In the following century, Smith’s notion having failed to be proven correct, Hegel, Feuerbach, Darwin, Marx, Engels and Nietzsche, claimed that the role of government, beyond maintaining security, was to ensure the welfare of each citizen. These conflicting certainties have become central to the modern era, including in the standoff between Sunni Arabia and Shia Iran.
Although the Soviet Union tried to ensure economic equality, it expired almost a generation ago. Mao morphed into Xi, and liberalism too, acquired a ‘new’ form, taking itself global. Mean-while, earlier concerns that humans were becoming slaves to their inventions were followed by evidence that they had become the victims of money, transformed into ever more sophisticated arms, as war became a superb money-machine — inevitably followed by the equally wealth-generating reconstruction of war-ravaged nations.
Americans are well aware that the election to the White House of a crafty businessman marked the ultimate failure of democracy, (even if they blame the Russians). But it is only a year later that a few commentators are waking up to the fact that the new president wants to substitute personal deals for war-making. An astute friend of mine said months ago that the reason why Washington cannot figure out what to do about President Trump is that it assumes he is playing football, when in reality he is playing baseball, whose rules are different. (Any two games could be mentioned, however, the irony is that football is a violent sport compared to baseball, and Trump doesn’t see the need for violence in order to make deals, even if, when taunted by Kim Jong Un, he cannot resist bragging about America’s destructive capabilities.)

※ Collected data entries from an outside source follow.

(* Let $p\ge1$, $m=2^p$, and inject two identical bosons in input modes $1$ and $2$ of the Sylvester interferometer $U_m=\frac{1}{\sqrt m}H(m)$. Among all $\frac12 m(m+1)$ two-particle output states $(i,j)$ with $1\le i\le j\le m$, the number of suppressed states is $m^2/4$, so the fraction of suppressed states is $\frac{1}{2}\cdot\frac{m}{m+1}$.
   Context: For $m=2^p$, the Sylvester matrix $H(m)$ is defined recursively by $H(1)=[1]$ and $H(2^p)=\begin{bmatrix}H(2^{p-1})&H(2^{p-1})\\ H(2^{p-1})&-H(2^{p-1})\end{bmatrix}$, rows and columns indexed $1,\dots,m$. An $n$-particle state on $m$ modes is a nondecreasing tuple $\vec t=(t_1\le\dots\le t_n)$ with $t_i\in\{1,\dots,m\}$; $\mu_k(\vec t)=|\{i:t_i=k\}|$. For input $\vec s$ and output $\vec t$, the scattering matrix is $S_{i,j}=U_{t_i,s_j}$; the bosonic amplitude is $\mathrm{perm}\,S/\sqrt{\prod_k\mu_k(\vec s)!\prod_k\mu_k(\vec t)!}$. An output state is suppressed if its amplitude is zero. *)

From HB Require Import structures.
From mathcomp Require Import all_boot all_order all_algebra all_fingroup all_field.
Set Implicit Arguments. Unset Strict Implicit. Unset Printing Implicit Defensive.
Import Order.TTheory GRing.Theory Num.Theory.
Local Open Scope ring_scope.

Lemma sylv_dim (p : nat) : (2 ^ p + 2 ^ p = 2 ^ p.+1)%N.
Proof. by rewrite expnS mul2n addnn. Qed.

(* Sylvester matrix H(2^p), defined by the block recursion
   H(1) = [1], H(2^p) = [[H, H], [H, -H]] with H = H(2^(p-1)).
   Rows/columns are indexed 0..m-1 (paper: 1..m). *)
Fixpoint sylvester (p : nat) : 'M[algC]_(2 ^ p) :=
  match p with
  | 0 => 1%:M
  | p'.+1 =>
      castmx (sylv_dim p', sylv_dim p')
        (block_mx (sylvester p') (sylvester p') (sylvester p') (- sylvester p'))
  end.

Definition sylvU (p : nat) : 'M[algC]_(2 ^ p) :=
  (sqrtC (2 ^ p)%:R)^-1 *: sylvester p.

Definition permanent (n : nat) (A : 'M[algC]_n) : algC :=
  \sum_(s : 'S_n) \prod_(i < n) A i (s i).

(* An n-particle state on m modes: a nondecreasing n-tuple of modes. *)
Definition is_state (m n : nat) (t : n.-tuple 'I_m) : bool :=
  sorted (fun a b : 'I_m => (a <= b)%N) t.

Definition occ (m n : nat) (t : n.-tuple 'I_m) (k : 'I_m) : nat := count_mem k t.

Definition scattering (m n : nat) (U : 'M[algC]_m) (s t : n.-tuple 'I_m) : 'M[algC]_n :=
  \matrix_(i < n, j < n) U (tnth t i) (tnth s j).

Definition amplitude (m n : nat) (U : 'M[algC]_m) (s t : n.-tuple 'I_m) : algC :=
  permanent (scattering U s t) /
  sqrtC ((\prod_(k < m) (occ s k)`! * \prod_(k < m) (occ t k)`!)%N)%:R.

Definition suppressed (m n : nat) (U : 'M[algC]_m) (s t : n.-tuple 'I_m) : bool :=
  amplitude U s t == 0.

From HB Require Import structures.
From mathcomp Require Import all_boot all_order all_algebra all_fingroup all_field.
From mathcomp Require Import zify ring.
Import Order.TTheory GRing.Theory Num.Theory.

(* Column 0 of H(m) is constant and, for m >= 2, column 1 is (-1)^i in row i
   (rows counted from 0).  Hence the permanent for input modes {0, 1} and output
   (i, j) is (1/m) ((-1)^i + (-1)^j), which vanishes exactly when i and j have
   opposite parity.  Summing over i <= j is half of summing over all (i, j) plus
   the diagonal, so there are m(m+1)/2 output states, and (m/2)^2 of them pair an
   even mode with an odd one. *)

Set Implicit Arguments.
Unset Strict Implicit.
Unset Printing Implicit Defensive.

Local Open Scope ring_scope.

Lemma split_ord_mod n (x : 'I_(n + n)) (x' : 'I_n) :
  (x %% n)%N = x' -> x = if (n <= x)%N then rshift n x' else lshift n x'.
Proof.
move=> hx; case: leqP => h; apply: val_inj => /=; rewrite -hx; last by rewrite modn_small.
have hxn : (x - n < n)%N by have := ltn_ord x; lia.
by rewrite -{2}(subnK h) modnDr modn_small // addnC subnK.
Qed.

Lemma block_mx_modE (R : Type) n (A B C D : 'M[R]_n) (i j : 'I_(n + n)) (i' j' : 'I_n) :
  (i %% n)%N = i' -> (j %% n)%N = j' ->
  block_mx A B C D i j =
    (if (n <= i)%N then if (n <= j)%N then D else C
     else if (n <= j)%N then B else A) i' j'.
Proof.
move=> /split_ord_mod {1}-> /split_ord_mod {1}->.
by do 2!case: leqP => _; rewrite ?block_mxEul ?block_mxEur ?block_mxEdl ?block_mxEdr.
Qed.

Lemma sylvesterSE p (i j : 'I_(2 ^ p.+1)) (i' j' : 'I_(2 ^ p)) :
  (i %% 2 ^ p)%N = i' -> (j %% 2 ^ p)%N = j' ->
  sylvester p.+1 i j = (-1) ^+ ((2 ^ p <= i) && (2 ^ p <= j))%N * sylvester p i' j'.
Proof.
move=> hi hj; rewrite /= castmxE.
rewrite (block_mx_modE _ _ _ _ (i := cast_ord _ i) (j := cast_ord _ j) hi hj) /=.
by do 2!case: leqP => _; rewrite /= ?mxE ?mulN1r ?mul1r.
Qed.

Lemma sylvester_col0 p (i j : 'I_(2 ^ p)) : j = 0%N :> nat -> sylvester p i j = 1.
Proof.
elim: p i j => [|p IH] i j hj; first by rewrite /= mxE (ord1 i) (ord1 j).
have h2p : (0 < 2 ^ p)%N by rewrite expn_gt0.
rewrite (@sylvesterSE _ _ _ (Ordinal (ltn_pmod i h2p)) (Ordinal h2p)) //=; last by rewrite hj mod0n.
by rewrite IH // hj leqn0 expn_eq0 andbF mulr1.
Qed.

Lemma sylvester_col1 p (i j : 'I_(2 ^ p.+1)) : j = 1%N :> nat ->
  sylvester p.+1 i j = (-1) ^+ odd i.
Proof.
elim: p i j => [|p IH] i j hj.
  rewrite (@sylvesterSE 0 _ _ ord0 ord0) ?modn1 // hj sylvester_col0 // mulr1 andbT.
  by case: i => [[|[|]]].
have h2p : (1 < 2 ^ p.+1)%N by rewrite -{1}(expn0 2) ltn_exp2l.
have h2p0 := ltnW h2p.
rewrite (@sylvesterSE _ _ _ (Ordinal (ltn_pmod i h2p0)) (Ordinal h2p)) //=; last by rewrite hj modn_small.
by rewrite IH //= hj (leqNgt _ 1) h2p andbF mul1r odd_mod // oddX.
Qed.

Lemma perm2_cases (s : 'S_2) : s = 1%g \/ s = tperm 0 1.
Proof.
have ord2 (k : 'I_2) : k = 0 \/ k = 1 by case: k => [[|[|//]] ?]; [left|right]; apply: val_inj.
have s10 : s 1 != s 0 by rewrite (inj_eq perm_inj).
case: (ord2 (s 0)) => s0; [left | right]; apply/permP => k;
  case: (ord2 k) => -> {k}; rewrite ?perm1 ?tpermL ?tpermR ?s0 //;
  by case: (ord2 (s 1)) s10 => ->; rewrite s0.
Qed.

Lemma permanent2 (A : 'M[algC]_2) : permanent A = A 0 0 * A 1 1 + A 0 1 * A 1 0.
Proof.
have t01 : tperm 0 1 != 1%g :> 'S_2 by apply/eqP => /permP /(_ 0); rewrite perm1 tpermL.
rewrite /permanent (bigD1 1%g) //= (big_pred1 (tperm 0 1)); last first.
  by move=> s; case: (perm2_cases s) => -> /=; rewrite ?t01 eqxx // eq_sym (negPf t01).
rewrite !big_ord_recr !big_ord0 /= !mul1r !perm1 !permE.
by congr (A _ _ * A _ _ + A _ _ * A _ _); apply: val_inj.
Qed.

Lemma suppressedE m n (U : 'M[algC]_m) (s t : n.-tuple 'I_m) :
  suppressed U s t = (permanent (scattering U s t) == 0).
Proof.
rewrite /suppressed /amplitude mulf_eq0 invr_eq0 sqrtC_eq0 pnatr_eq0 eqn0Ngt.
by rewrite muln_gt0 !prodn_gt0 ?orbF // => k; apply: fact_gt0.
Qed.

Lemma signr_addr_eq0 (R : numDomainType) (a b : bool) :
  ((-1) ^+ a + (-1) ^+ b == 0 :> R) = (a != b).
Proof.
have two_neq0 : (1 + 1 : R) != 0 by rewrite -mulr2n pnatr_eq0.
case: a; case: b; rewrite /= ?expr1 ?expr0 ?subrr ?addNr ?eqxx ?(negPf two_neq0) //.
by rewrite -oppr_eq0 opprB opprK (negPf two_neq0).
Qed.

Lemma sylvester_suppressed p (s t : 2.-tuple 'I_(2 ^ p.+1)) :
  map val s = [:: 0%N; 1%N] ->
  suppressed (sylvU p.+1) s t = (odd (tnth t ord0) != odd (tnth t ord_max)).
Proof.
case: s => [[|a [|b [|//]]] // hsz] /= [ha hb].
case: t => [[|i [|j [|//]]] // htsz].
rewrite suppressedE permanent2 !mxE !(sylvester_col0 _ ha) !(sylvester_col1 _ hb) /=.
set c := (sqrtC _)^-1.
have c_neq0 : c != 0 by rewrite invr_eq0 sqrtC_eq0 pnatr_eq0 expn_eq0.
rewrite (_ : _ + _ = c ^+ 2 * ((-1) ^+ odd i + (-1) ^+ odd j)); last by ring.
by rewrite mulf_eq0 expf_eq0 (negPf c_neq0) andbF signr_addr_eq0.
Qed.

Lemma ratio_square_oblong (k : nat) : (0 < k)%N ->
  (k * k)%:R / (k * (2 * k + 1))%:R = 1 / 2 * ((2 * k)%:R / (2 * k + 1)%:R) :> rat.
Proof.
move=> k_gt0; have k_neq0 : k%:R != 0 :> rat by rewrite pnatr_eq0 -lt0n.
have oblong_neq0 : (2 * k + 1)%:R != 0 :> rat by rewrite pnatr_eq0 addn1.
rewrite natrD natrM in oblong_neq0.
by rewrite !natrM; field; rewrite oblong_neq0 k_neq0.
Qed.

Local Close Scope ring_scope.

Lemma card_tuple2 n (Q : pred (2.-tuple 'I_n)) :
  #|[set t | Q t]| = \sum_(i < n) \sum_(j < n) Q [tuple i; j].
Proof.
rewrite cardsE -sum1_card big_mkcond /= pair_big /=.
rewrite (reindex (fun x : 'I_n * 'I_n => [tuple x.1; x.2])) /=; last first.
  exists (fun t : 2.-tuple 'I_n => (tnth t ord0, tnth t ord_max)) => [[a b] // | t _].
  by case: t => [[|a [|b [|//]]] // ht]; apply: val_inj.
by apply: eq_bigr => -[a b] _; rewrite unfold_in; case: (Q _).
Qed.

Lemma sum_leq_sym n (P : 'I_n -> 'I_n -> bool) : (forall i j, P i j = P j i) ->
  2 * \sum_(i < n) \sum_(j < n) ((i <= j) && P i j)
    = \sum_(i < n) \sum_(j < n) P i j + \sum_(i < n) P i i.
Proof.
move=> Psym; rewrite mul2n -addnn {2}exchange_big -!big_split /=.
apply: eq_bigr => i _; rewrite -big_split (bigD1 i) //= [\sum_(j < n) P i j](bigD1 i) //=.
rewrite leqnn (eq_bigr (fun j => P i j : nat)) => [|j ji]; first lia.
rewrite (Psym j); case: (P i j); rewrite ?andbF ?andbT //=.
by case: ltngtP ji => // /val_inj ->; rewrite eqxx.
Qed.

Lemma sum_odd_ord n : \sum_(i < n) odd i = n./2.
Proof.
elim: n => [|n IH]; first by rewrite big_ord0.
by rewrite big_ord_recr /= IH uphalf_half addnC.
Qed.

Lemma sum_even_ord n : \sum_(i < n) ~~ odd i = uphalf n.
Proof.
elim: n => [|n IH]; first by rewrite big_ord0.
by rewrite big_ord_recr /= IH !uphalf_half /=; case: (odd n) => /=; lia.
Qed.

Lemma sum_odd_neq n :
  \sum_(i < n) \sum_(j < n) (odd i != odd j) = 2 * (n./2 * uphalf n).
Proof.
rewrite (eq_bigr (fun i : 'I_n => odd i * uphalf n + ~~ odd i * n./2)) => [|i _].
  by rewrite big_split /= -!big_distrl /= sum_odd_ord sum_even_ord; lia.
rewrite -sum_odd_ord -sum_even_ord; case: (odd i) => /=; rewrite ?mul1n ?mul0n ?addn0 //.
by apply: eq_bigr => j _; case: odd.
Qed.

Lemma card_states2 n : #|[set t : 2.-tuple 'I_n | is_state t]| = n * (n + 1) %/ 2.
Proof.
suff <- : 2 * #|[set t : 2.-tuple 'I_n | is_state t]| = n * (n + 1) by rewrite mulKn.
rewrite card_tuple2 (eq_bigr (fun i : 'I_n => \sum_(j < n) ((i <= j) && true))) => [|i _].
  by rewrite sum_leq_sym // !big_const_ord !iter_addn_0 /=; lia.
by apply: eq_bigr => j _; rewrite /is_state /= !andbT.
Qed.

Lemma card_states2_odd_neq n :
  #|[set t : 2.-tuple 'I_n | is_state t && (odd (tnth t ord0) != odd (tnth t ord_max))]|
    = n./2 * uphalf n.
Proof.
apply/eqP; rewrite -(eqn_pmul2l (isT : 0 < 2)) card_tuple2; apply/eqP.
rewrite (eq_bigr (fun i : 'I_n => \sum_(j < n) ((i <= j) && (odd i != odd j)))) => [|i _].
  rewrite sum_leq_sym => [|i j]; last by rewrite eq_sym.
  by rewrite sum_odd_neq big1 ?addn0 // => i _; rewrite eqxx.
by apply: eq_bigr => j _; rewrite /is_state /= andbT.
Qed.

Theorem corollary1 (p : nat) (s : 2.-tuple 'I_(2 ^ p)) :
  (0 < p)%N ->
  map val s = [:: 0%N; 1%N] ->
  let m := (2 ^ p)%N in
  let states := [set t : 2.-tuple 'I_(2 ^ p) | is_state t] in
  let supp := [set t : 2.-tuple 'I_(2 ^ p) | is_state t && suppressed (sylvU p) s t] in
  [/\ #|states| = ((m * (m + 1)) %/ 2)%N,
      #|supp| = ((m ^ 2) %/ 4)%N
    & ((#|supp|%:R / #|states|%:R : rat) = (1 / 2) * (m%:R / (m + 1)%N%:R))%R].
Proof.
case: p s => [//|p] s _ hs m states supp.
have -> : supp = [set t | is_state t && (odd (tnth t ord0) != odd (tnth t ord_max))].
  by apply/setP => t; rewrite !inE sylvester_suppressed.
rewrite card_states2 card_states2_odd_neq.
have k_gt0 : 0 < 2 ^ p by rewrite expn_gt0.
rewrite /m expnS mul2n uphalf_double doubleK -mul2n.
move: (2 ^ p) k_gt0 => k k_gt0.
have -> : 2 * k * (2 * k + 1) %/ 2 = k * (2 * k + 1) by rewrite -mulnA mulKn.
have -> : (2 * k) ^ 2 %/ 4 = k * k by rewrite expnMn mulKn // mulnn.
split=> //; exact: ratio_square_oblong.
Qed.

With the most powerful nation ever to have existed failing to shed the foundational mistrust of everything foreign that began with the Pilgrims, breaches of the international peace became increasingly lethal, making humanity truly desperate to end wars, yet powerless to do so. Claims of Moscow’s so-called ‘bad behavior’ allow the US to brand it as an enemy, when in fact what we are witnessing is America’s determination to remain international top dog. This goal requires that communications by the President and his team with foreign countries (who, by definition can never be entirely trusted), are viewed as nothing short of treasonous.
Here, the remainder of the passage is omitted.